:: WORK REQUIRED ::
Everything from the line containing "case/andP=> d_lt1 d_lt;" through the final line of the listing below should be given again, word for word, and nothing else.

Start of TASK INPUTS

Lemma closed_C : tclosed beta C.
Proof.
move=> z near_z; apply/defect_eq0P.
apply: (vanishing_bound_eq0 (defect_lip_ge0 z)) => e e_gt0.
have [c /defect_eq0P Cc dzc] := near_z e e_gt0.
have lip_ge0 := defect_lip_ge0 z; have dzc_ge0 : 0 <= tdist z c := tnorm_ge0 _.
have := defect_lipschitz c z; rewrite Cc sub0r normrN tdistC.
by move=> /le_trans; apply; nra.
Qed.

Lemma weak_closure_C : infinite_dimensional X -> weak_closure beta C = setT.
Proof.
move=> X_inf; apply/seteqP; split => // -[[x y] g] _ n f e f_cont e_gt0.
have f_lin i := proj1 (f_cont i).
have [s s2 s_ge0] : exists2 s : R, s ^+ 2 = 1 & 0 <= s * (alpha * g - inner x y).
  have [le_xy|lt_xy] := lerP (inner x y) (alpha * g).
    by exists 1; rewrite ?expr1n ?mul1r ?subr_ge0.
  by exists (-1); rewrite ?sqrrN ?expr1n // mulN1r oppr_ge0 subr_le0 ltW.
pose dir (w : X) : trip := (w, s *: w, 0).
have dir_lin (a : R) w w' : dir (a *: w + w') = tadd (tscale a (dir w)) (dir w').
  by rewrite /dir /tadd /tscale /= scalerDr !scalerA mulrC mulr0 addr0.
have [u u_neq0 fu] : exists2 u, u != 0 & forall i, f i (dir u) = 0.
  apply: (common_kernel_neq0 (g := fun i w => f i (dir w))) => // i a w w'.
  by rewrite dir_lin f_lin.
have u2_gt0 : 0 < `|u| ^+ 2 by rewrite exprn_gt0 // normr_gt0.
have [t t_root] := quadratic_root (inner x u + s * inner u y) u2_gt0 s_ge0.
exists (tadd (tscale t (dir u)) (x, y, g)); last first.
  by move=> i; rewrite f_lin fu mulr0 add0r subrr normr0.
rewrite /C_alpha /tadd /tscale /= innerDl !innerDr !innerZl !innerZr inner_sqr.
apply/eqP; rewrite -subr_eq0; apply/eqP.
transitivity (s * (`|u| ^+ 2 * t ^+ 2 + (inner x u + s * inner u y) * t
    - s * (alpha * g - inner x y)) + (1 - s ^+ 2) * (t * inner u y - (alpha * g - inner x y))).
  by ring.
by rewrite t_root s2 subrr; ring.
Qed.

Definition normal_dir (u : trip) : trip := (u.1.2, u.1.1, - alpha / beta ^+ 2).

Lemma tinner_normal_dir (p w : trip) : C p -> C w ->
  tinner (normal_dir p) (tsub w p) = - inner (w.1.1 - p.1.1) (w.1.2 - p.1.2).
Proof.
move=> Cp Cw; rewrite /tinner /=.
have -> : beta ^+ 2 * (- alpha / beta ^+ 2 * (w.2 - p.2))
    = - (inner w.1.1 w.1.2 - inner p.1.1 p.1.2).
  by rewrite Cp Cw; field; rewrite gt_eqF.
by rewrite !innerBl !innerBr !(innerC p.1.2); ring.
Qed.

Lemma metric_proj_C_normal (z p : trip) : metric_proj beta C z p ->
  tsub z p = tscale (beta ^+ 2 * (p.2 - z.2) / alpha) (normal_dir p).
Proof.
move=> proj; have [Cp _] := proj; set k := _ / alpha.
have residual_eq0 (r : X) (d : trip) : (forall s, C (tadd p (tscale s d))) ->
    tinner d (tsub p z) = - `|r| ^+ 2 -> r = 0.
  move=> line; rewrite (metric_proj_orthogonal proj line) => /eqP.
  by rewrite eq_sym oppr_eq0 sqrf_eq0 normr_eq0 => /eqP.
have e1 : z.1.1 - p.1.1 = k *: p.1.2.
  apply/eqP; rewrite -subr_eq0; apply/eqP.
  set r := _ - _ - _; apply: (residual_eq0 r (r, 0, inner r p.1.2 / alpha)).
    move=> s; rewrite /C_alpha /tadd /tscale /= scaler0 addr0 innerDl innerZl Cp.
    by field.
  have rr : inner r r = inner r (z.1.1 - p.1.1) - k * inner r p.1.2.
    by rewrite /r !(innerBl, innerBr, innerZl, innerZr); ring.
  by rewrite /tinner /= inner0l -inner_sqr rr !innerBr /k; field.
have e2 : z.1.2 - p.1.2 = k *: p.1.1.
  apply/eqP; rewrite -subr_eq0; apply/eqP.
  set r := _ - _ - _; apply: (residual_eq0 r (0, r, inner p.1.1 r / alpha)).
    move=> s; rewrite /C_alpha /tadd /tscale /= scaler0 addr0 innerDr innerZr Cp.
    by field.
  have rr : inner r r = inner r (z.1.2 - p.1.2) - k * inner r p.1.1.
    by rewrite /r !(innerBl, innerBr, innerZl, innerZr); ring.
  by rewrite /tinner /= inner0l -inner_sqr rr (innerC p.1.1) !innerBr /k; field.
rewrite /tsub /tscale /normal_dir /= e1 e2; congr (_, _, _).
by rewrite /k; field; rewrite gt_eqF.
Qed.

Lemma proximal_normal_C (x v : trip) : proximal_normal beta C x v ->
  v = tscale (- beta ^+ 2 * v.2 / alpha) (normal_dir x).
Proof.
case: x v => [[x1 x2] x3] [[v1 v2] v3] [t t_gt0 /metric_proj_C_normal].
rewrite /tsub /tadd /tscale /normal_dir /= (addrAC x1) (addrAC x2) (addrAC x3).
rewrite !subrr !add0r => -[e1 e2 _]; have t_neq0 : t != 0 by rewrite gt_eqF.
congr (_, _, _).
- by apply: (scalerI t_neq0); rewrite e1 scalerA; congr (_ *: _); field.
- by apply: (scalerI t_neq0); rewrite e2 scalerA; congr (_ *: _); field.
- by field; rewrite gt_eqF.
Qed.

Lemma prox_regular_C : prox_regular inner beta C.
Proof.
split; first exact: closed_C.
move=> xb _; have alpha_gt0 : 0 < `|alpha| by rewrite normr_gt0.
exists 1, (beta / `|alpha|), 1; split => //; first by rewrite divr_gt0.
move=> x v x' Cx _ /proximal_normal_C v_normal v_lt1 Cx' _.
set lam := - beta ^+ 2 * v.2 / alpha in v_normal.
set D := tsub x' x.
have -> : tinner v D = - lam * inner D.1.1 D.1.2.
  by rewrite v_normal tinnerZl (tinner_normal_dir Cx Cx'); ring.
have lam_le : `|lam| <= beta / `|alpha|.
  have -> : `|lam| = beta / `|alpha| * (beta * `|v.2|).
    by rewrite /lam !normrM normrN normfV normrX (gtr0_norm beta_gt0); field; rewrite gt_eqF.
  rewrite ger_pMr ?divr_gt0 //.
  by have := normr_thd_le_tnorm v; lra.
apply: le_trans (ler_norm _) _; rewrite normrM normrN.
apply: le_trans (ler_pM (normr_ge0 _) (normr_ge0 _) lam_le (normr_inner_le _ _)) _.
rewrite -mulrA; apply: ler_wpM2l; first by rewrite divr_ge0 ?ltW.
by have := sqr_normr_le_tnorm D; lra.
Qed.

Lemma metric_proj_C_unique (z p : trip) (k : R) :
  C p -> `|k| < 1 -> tsub z p = tscale k (normal_dir p) ->
  metric_proj beta C z p /\ forall q, metric_proj beta C z q -> q = p.
Proof.
move=> Cp k_lt1 zp_normal.
have excess w : C w ->
    (1 - `|k|) * tdist w p ^+ 2 <= tdist w z ^+ 2 - tdist p z ^+ 2.
  move=> Cw; rewrite /Defs.tdist; set D := tsub w p.
  have -> : tsub w z = tadd D (tsub p z).
    by rewrite /D /tsub /tadd /=; congr (_, _, _); rewrite addrA subrK.
  have -> : tsub p z = tscale (- k) (normal_dir p).
    case: zp_normal => e1 e2 e3; rewrite /tsub /tscale; congr (_, _, _).
    - by rewrite -opprB e1 scaleNr.
    - by rewrite -opprB e2 scaleNr.
    - by rewrite /normal_dir /= mulNr -e3 opprB.
  rewrite sqr_tnormD tinnerC tinnerZl (tinner_normal_dir Cp Cw).
  rewrite -[inner (w.1.1 - _) _]/(inner D.1.1 D.1.2); set I := inner _ _.
  have := normr_inner_le D.1.1 D.1.2; have := sqr_normr_le_tnorm D.
  have := ler_norm (- (k * I)); rewrite normrN normrM.
  have := normr_ge0 I; have := normr_ge0 k; nra.
have tdist_ge0 u v : 0 <= tdist u v := tnorm_ge0 _.
have p_proj : metric_proj beta C z p.
  split => // w Cw; rewrite -(ler_pXn2r (_ : 0 < 2)%N) ?nnegrE //.
  by have := excess w Cw; have := sqr_ge0 (tdist w p); nra.
split => // q [Cq q_min]; apply: tdist_eq0.
have := excess q Cq; have := q_min p Cp.
rewrite -(ler_pXn2r (_ : 0 < 2)%N) ?nnegrE // => le_qz le_excess.
apply/eqP; rewrite -sqrf_eq0 eq_le sqr_ge0 andbT.
by have := sqr_ge0 (tdist q p); nra.
Qed.

Definition normal_foot (k : R) (z : trip) : trip :=
  ((1 - k ^+ 2)^-1 *: (z.1.1 - k *: z.1.2), (1 - k ^+ 2)^-1 *: (z.1.2 - k *: z.1.1),
   z.2 + k * alpha / beta ^+ 2).

Lemma normal_foot_normal (k : R) (z : trip) : k ^+ 2 != 1 ->
  tsub z (normal_foot k z) = tscale k (normal_dir (normal_foot k z)).
Proof.
move=> k2_neq1; have k2_neq0 : 1 - k ^+ 2 != 0 by rewrite subr_eq0 eq_sym.
have comp (a b : X) : a - (1 - k ^+ 2)^-1 *: (a - k *: b)
    = k *: ((1 - k ^+ 2)^-1 *: (b - k *: a)).
  apply: (scalerI k2_neq0).
  rewrite scalerBr !scalerA mulfV // scale1r mulrAC mulfV // mul1r.
  rewrite scalerBl scale1r scalerBr scalerA -expr2.
  by rewrite opprB addrC addrA subrK.
rewrite /tsub /tscale /normal_dir /normal_foot /=; congr (_, _, _); rewrite ?comp //.
by field; rewrite gt_eqF.
Qed.

Lemma normal_foot_in_C (k : R) (z : trip) : k ^+ 2 != 1 ->
  inner z.1.1 z.1.2 * (1 + k ^+ 2) - k * (`|z.1.1| ^+ 2 + `|z.1.2| ^+ 2)
    = (alpha * z.2 + k * (alpha ^+ 2 / beta ^+ 2)) * (1 - k ^+ 2) ^+ 2 ->
  C (normal_foot k z).
Proof.
move=> k2_neq1 root_k; have k2_neq0 : 1 - k ^+ 2 != 0 by rewrite subr_eq0 eq_sym.
rewrite /C_alpha /normal_foot /= innerZl innerZr !innerBl !innerBr !innerZl !innerZr.
rewrite !inner_sqr (innerC z.1.2).
apply: (mulIf (expf_neq0 2 k2_neq0)).
transitivity (inner z.1.1 z.1.2 * (1 + k ^+ 2) - k * (`|z.1.1| ^+ 2 + `|z.1.2| ^+ 2)).
  by field.
by rewrite root_k; field; rewrite gt_eqF.
Qed.

Lemma defect_small_near (xb : trip) (eps : R) : C xb -> 0 < eps ->
  exists2 delta, 0 < delta <= 1 &
    forall z, tdist z xb < delta -> `|defect z| <= eps.
Proof.
move=> /defect_eq0P Cxb eps_gt0; have L_ge0 := defect_lip_ge0 xb.
exists (Num.min 1 (eps / (1 + defect_lip xb))).
  by rewrite lt_min ltr01 divr_gt0 //=; [rewrite ge_min lexx | lra].
move=> z; rewrite lt_min ltr_pdivlMr; last by lra.
case/andP=> d_lt1 d_lt; have d_ge0 : 0 <= tdist z xb := tnorm_ge0 _.
have := defect_lipschitz z xb; rewrite Cxb subr0.
by move/le_trans; apply; nra.
Qed.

End of TASK INPUTS

:: COMPLETED EXERCISE ::
case/andP=> d_lt1 d_lt; have d_ge0 : 0 <= tdist z xb := tnorm_ge0 _.
have := defect_lipschitz z xb; rewrite Cxb subr0.
by move/le_trans; apply; nra.
Qed.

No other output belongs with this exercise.